What the task requires: Begin with the first line of the entries below and reproduce each line exactly, ending with the line that holds "(* a configuration".

(Supplied entries)

(* For every $k$ with $t\le k\le n$, the probability that the reverse reachable set of $B$ has exactly $k$ vertices equals $\alpha_k$, and \[ \alpha_k \le n^x \cdot \max_{\substack{\sum_i k_i = k,\ t_i\le k_i\le a_i}} a_{k_1,\dots,k_x}. \]
   Context: Random graph model: $V$ is a set of $n$ vertices, $B\subseteq V$ a target set with $|B|=t$, each $v\in V$ has a prescribed out-degree $d_v$ with $1\le d_{\min}\le d_v\le d_{\max}$ (constants), and for each $v$ independently its out-neighbour set is chosen uniformly among all $d_v$-element subsets of $V$. Let $d_1,\dots,d_x$ be the distinct out-degrees, $a_i$ the number of vertices of out-degree $d_i$, $t_i$ the number of vertices of $B$ of out-degree $d_i$. The reverse reachable set of $B$ is the set of vertices having a directed path to a vertex of $B$. For $S\supseteq B$ containing $k_i$ vertices of out-degree $d_i$, $R(k_1,\dots,k_x)$ is the probability that every vertex of $S$ has a directed path to $B$ inside $S$. For $k=\sum_i k_i$ with $t_i\le k_i\le a_i$, define $a_{k_1,\dots,k_x}=\left(\prod_{i=1}^x\binom{a_i-t_i}{k_i-t_i}\left(\binom{n-k}{d_i}/\binom{n}{d_i}\right)^{a_i-k_i}\right)R(k_1,\dots,k_x)$, where the factor $(\binom{n-k}{d_i}/\binom{n}{d_i})^{a_i-k_i}$ is taken to be $1$ when $a_i=k_i$, and $\alpha_k=\sum_{\sum_i k_i=k,\ t_i\le k_i\le a_i} a_{k_1,\dots,k_x}$. *)

From mathcomp Require Import all_boot all_order all_algebra.
Set Implicit Arguments. Unset Strict Implicit. Unset Printing Implicit Defensive.
Import Order.TTheory GRing.Theory Num.Theory.
Local Open Scope ring_scope.

Section Model.
Variables (V : finType) (B : {set V}) (d : V -> nat).

(* a configuration assigns to each vertex its out-neighbour set *)
Definition cfg := {ffun V -> {set V}}.
Definition good (N : cfg) : bool := [forall v, #|N v| == d v].
(* independent uniform choices = uniform distribution on good configurations *)
Definition prob (E : pred cfg) : rat :=
  (#|[set N | good N && E N]|)%:R / (#|[set N | good N]|)%:R.

(* reverse reachable set of B (length-0 paths allowed, so B is included) *)
Definition rr (N : cfg) : {set V} :=
  [set v | [exists b in B, connect (fun u w => w \in N u) v b]].

Definition reach_inside (S : {set V}) (N : cfg) : bool :=
  [forall v in S, [exists b in B,
     connect (fun u w => [&& u \in S, w \in S & w \in N u]) v b]].

Definition degs : seq nat := undup [seq d v | v <- enum V].
Definition ndeg : nat := size degs.
Definition degi (i : 'I_ndeg) : nat := nth 0%N degs i.
Definition acount (i : 'I_ndeg) : nat := #|[set v | d v == degi i]|.
Definition tcount (i : 'I_ndeg) : nat := #|[set v in B | d v == degi i]|.

Definition kvec := {ffun 'I_ndeg -> 'I_(#|V|.+1)}.

Definition has_counts (kv : kvec) (S : {set V}) : bool :=
  (B \subset S) && [forall i, #|[set v in S | d v == degi i]| == (kv i : nat)].

(* R(k_1,...,k_x): the probability for some (any) S with those counts *)
Definition Rk (kv : kvec) : rat :=
  if [pick S | has_counts kv S] is Some S0 then prob (reach_inside S0) else 0.

Definition ksum (kv : kvec) : nat := (\sum_i (kv i : nat))%N.

Definition admissible (k : nat) (kv : kvec) : bool :=
  (ksum kv == k) && [forall i, (tcount i <= kv i <= acount i)%N].

Definition acoef (kv : kvec) : rat :=
  (\prod_i (('C(acount i - tcount i, kv i - tcount i))%:R *
      (('C(#|V| - ksum kv, degi i))%:R / ('C(#|V|, degi i))%:R)
        ^+ (acount i - kv i))) * Rk kv.

Definition alpha (k : nat) : rat := \sum_(kv : kvec | admissible k kv) acoef kv.

Definition amax (k : nat) : rat :=
  \big[Num.max/0]_(kv : kvec | admissible k kv) acoef kv.

End Model.

(* The reverse reachable set of B is S exactly when B is contained in S, every
   vertex of S reaches B inside S, and no vertex outside S has an out-neighbour in
   S.  The last two events depend on the out-neighbourhoods of the vertices inside,
   respectively outside, S, hence are independent.  The second one has probability
   prod_(v notin S) C(n - |S|, d v) / C(n, d v); the first one is R(k_1, ..., k_x),
   because it is invariant under relabellings of V that preserve degrees, B and S.
   Grouping the sets S of size k by their degree profile (k_1, ..., k_x), each
   profile being realised by prod_i C(a_i - t_i, k_i - t_i) sets, gives alpha_k.
   For the bound, there are at most n^x admissible profiles: either all k_i < n,
   or there is a single degree class and the profile is determined by k. *)

From mathcomp Require Import all_boot all_order all_algebra.
Set Implicit Arguments. Unset Strict Implicit. Unset Printing Implicit Defensive.
Import Order.TTheory GRing.Theory Num.Theory.

Section ReverseReachable.
Variables (V : finType) (B : {set V}).
Implicit Types (N : cfg V) (S : {set V}).

Definition no_edge_into S N : bool := [forall v in ~: S, [disjoint N v & S]].

Lemma mem_rrP N v :
  reflect (exists2 b, b \in B & connect (fun u w => w \in N u) v b) (v \in rr B N).
Proof.
rewrite /rr inE; apply: (iffP existsP) => [[b /andP[]]|[b Bb reach_b]]; first by exists b.
by exists b; rewrite Bb.
Qed.

Lemma subset_rr N : B \subset rr B N.
Proof. by apply/subsetP => b Hb; apply/mem_rrP; exists b. Qed.

Lemma rr_pred N u w : w \in N u -> w \in rr B N -> u \in rr B N.
Proof.
move=> Nuw /mem_rrP[b Hb Hc]; apply/mem_rrP; exists b => //.
exact: connect_trans (connect1 _) Hc.
Qed.

Lemma reach_inside_rr N : reach_inside B (rr B N) N.
Proof.
apply/forallP => v; apply/implyP => /mem_rrP[b Hb /connectP[p Hp Hl]].
apply/existsP; exists b; rewrite Hb /=.
elim: p v Hp Hl => [|w p IHp] v /=; first by move=> _ ->; exact: connect0.
move=> /andP[Nvw Hp] Hl; apply: connect_trans (connect1 _) (IHp w Hp Hl).
have w_rr : w \in rr B N by apply/mem_rrP; exists b => //; apply/connectP; exists p.
by rewrite /= Nvw w_rr (rr_pred Nvw).
Qed.

Lemma no_edge_into_rr N : no_edge_into (rr B N) N.
Proof.
apply/forallP => v; apply/implyP; rewrite inE => v_rr.
by apply/pred0P => w /=; apply: contraNF v_rr => /andP[/rr_pred].
Qed.

Lemma rr_subset S N : B \subset S -> no_edge_into S N -> rr B N \subset S.
Proof.
move=> /subsetP BS /forallP noS; apply/subsetP => v /mem_rrP[b /BS bS /connectP[p Hp Hl]].
elim: p v Hp Hl => [|w p IHp] v /=; first by move=> _ <-.
move=> /andP[Nvw Hp] Hl; apply: contraT => vS.
have /pred0P /(_ w) : [disjoint N v & S] by apply: implyP (noS v) _; rewrite inE.
by rewrite /= Nvw (IHp w Hp Hl).
Qed.

Lemma reach_inside_subset_rr S N : reach_inside B S N -> S \subset rr B N.
Proof.
move=> /forallP reachS; apply/subsetP => v vS.
have /existsP[b /andP[Hb Hc]] := implyP (reachS v) vS.
apply/mem_rrP; exists b => //; apply: connect_sub Hc => x y /and3P[_ _ Nxy].
exact: connect1.
Qed.

Lemma rr_eqE S N :
  (rr B N == S) = [&& B \subset S, reach_inside B S N & no_edge_into S N].
Proof.
apply/eqP/and3P => [<-|[BS reachS noS]].
  by split; [exact: subset_rr | exact: reach_inside_rr | exact: no_edge_into_rr].
by apply/eqP; rewrite eqEsubset rr_subset ?reach_inside_subset_rr.
Qed.

End ReverseReachable.

Lemma card_ffun_pred (I T : finType) (F : I -> pred T) :
  #|[set f : {ffun I -> T} | [forall i, F i (f i)]]| = (\prod_i #|F i|)%N.
Proof.
have := card_family F; rewrite foldrE big_image => <-; apply: eq_card => f.
by rewrite inE; apply/forallP/familyP.
Qed.

Lemma card_ord_lt n : #|[pred m : 'I_n.+1 | (m < n)%N]| = n.
Proof.
transitivity #|predC1 (ord_max : 'I_n.+1)|; last by rewrite cardC1 card_ord.
by apply: eq_card => m; rewrite !inE -val_eqE /= ltn_neqAle -ltnS ltn_ord andbT.
Qed.

Lemma fibre_matching (T : finType) (K : eqType) (f g : T -> K) :
  (forall c, #|[set v | f v == c]| = #|[set v | g v == c]|) ->
  exists2 s : T -> T, injective s & forall v, g (s v) = f v.
Proof.
move=> eq_fibre.
pose F v := enum [set w | f w == f v]; pose G v := enum [set w | g w == f v].
pose s v := nth v (G v) (index v (F v)).
have inF v : v \in F v by rewrite mem_enum inE.
have size_FG v : size (F v) = size (G v) by rewrite -!cardE eq_fibre.
have lt_index v : (index v (F v) < size (G v))%N by rewrite -size_FG index_mem.
have gs v : g (s v) = f v by have := mem_nth v (lt_index v); rewrite mem_enum inE => /eqP.
exists s => // v w eq_s.
have eq_f : f v = f w by rewrite -gs eq_s gs.
have eqF : F v = F w by rewrite /F eq_f.
have eqG : G v = G w by rewrite /G eq_f.
have lt_v := lt_index v; rewrite eqG in lt_v.
move: eq_s; rewrite /s eqG (set_nth_default w v lt_v) => /eqP.
rewrite nth_uniq ?enum_uniq // => /eqP eq_index.
by rewrite -(nth_index v (inF v)) eq_index -eqF nth_index // eqF inF.
Qed.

(End Supplied entries)

Result below:
(* For every $k$ with $t\le k\le n$, the probability that the reverse reachable set of $B$ has exactly $k$ vertices equals $\alpha_k$, and \[ \alpha_k \le n^x \cdot \max_{\substack{\sum_i k_i = k,\ t_i\le k_i\le a_i}} a_{k_1,\dots,k_x}. \]
   Context: Random graph model: $V$ is a set of $n$ vertices, $B\subseteq V$ a target set with $|B|=t$, each $v\in V$ has a prescribed out-degree $d_v$ with $1\le d_{\min}\le d_v\le d_{\max}$ (constants), and for each $v$ independently its out-neighbour set is chosen uniformly among all $d_v$-element subsets of $V$. Let $d_1,\dots,d_x$ be the distinct out-degrees, $a_i$ the number of vertices of out-degree $d_i$, $t_i$ the number of vertices of $B$ of out-degree $d_i$. The reverse reachable set of $B$ is the set of vertices having a directed path to a vertex of $B$. For $S\supseteq B$ containing $k_i$ vertices of out-degree $d_i$, $R(k_1,\dots,k_x)$ is the probability that every vertex of $S$ has a directed path to $B$ inside $S$. For $k=\sum_i k_i$ with $t_i\le k_i\le a_i$, define $a_{k_1,\dots,k_x}=\left(\prod_{i=1}^x\binom{a_i-t_i}{k_i-t_i}\left(\binom{n-k}{d_i}/\binom{n}{d_i}\right)^{a_i-k_i}\right)R(k_1,\dots,k_x)$, where the factor $(\binom{n-k}{d_i}/\binom{n}{d_i})^{a_i-k_i}$ is taken to be $1$ when $a_i=k_i$, and $\alpha_k=\sum_{\sum_i k_i=k,\ t_i\le k_i\le a_i} a_{k_1,\dots,k_x}$. *)

From mathcomp Require Import all_boot all_order all_algebra.
Set Implicit Arguments. Unset Strict Implicit. Unset Printing Implicit Defensive.
Import Order.TTheory GRing.Theory Num.Theory.
Local Open Scope ring_scope.

Section Model.
Variables (V : finType) (B : {set V}) (d : V -> nat).

(* a configuration assigns to each vertex its out-neighbour set *)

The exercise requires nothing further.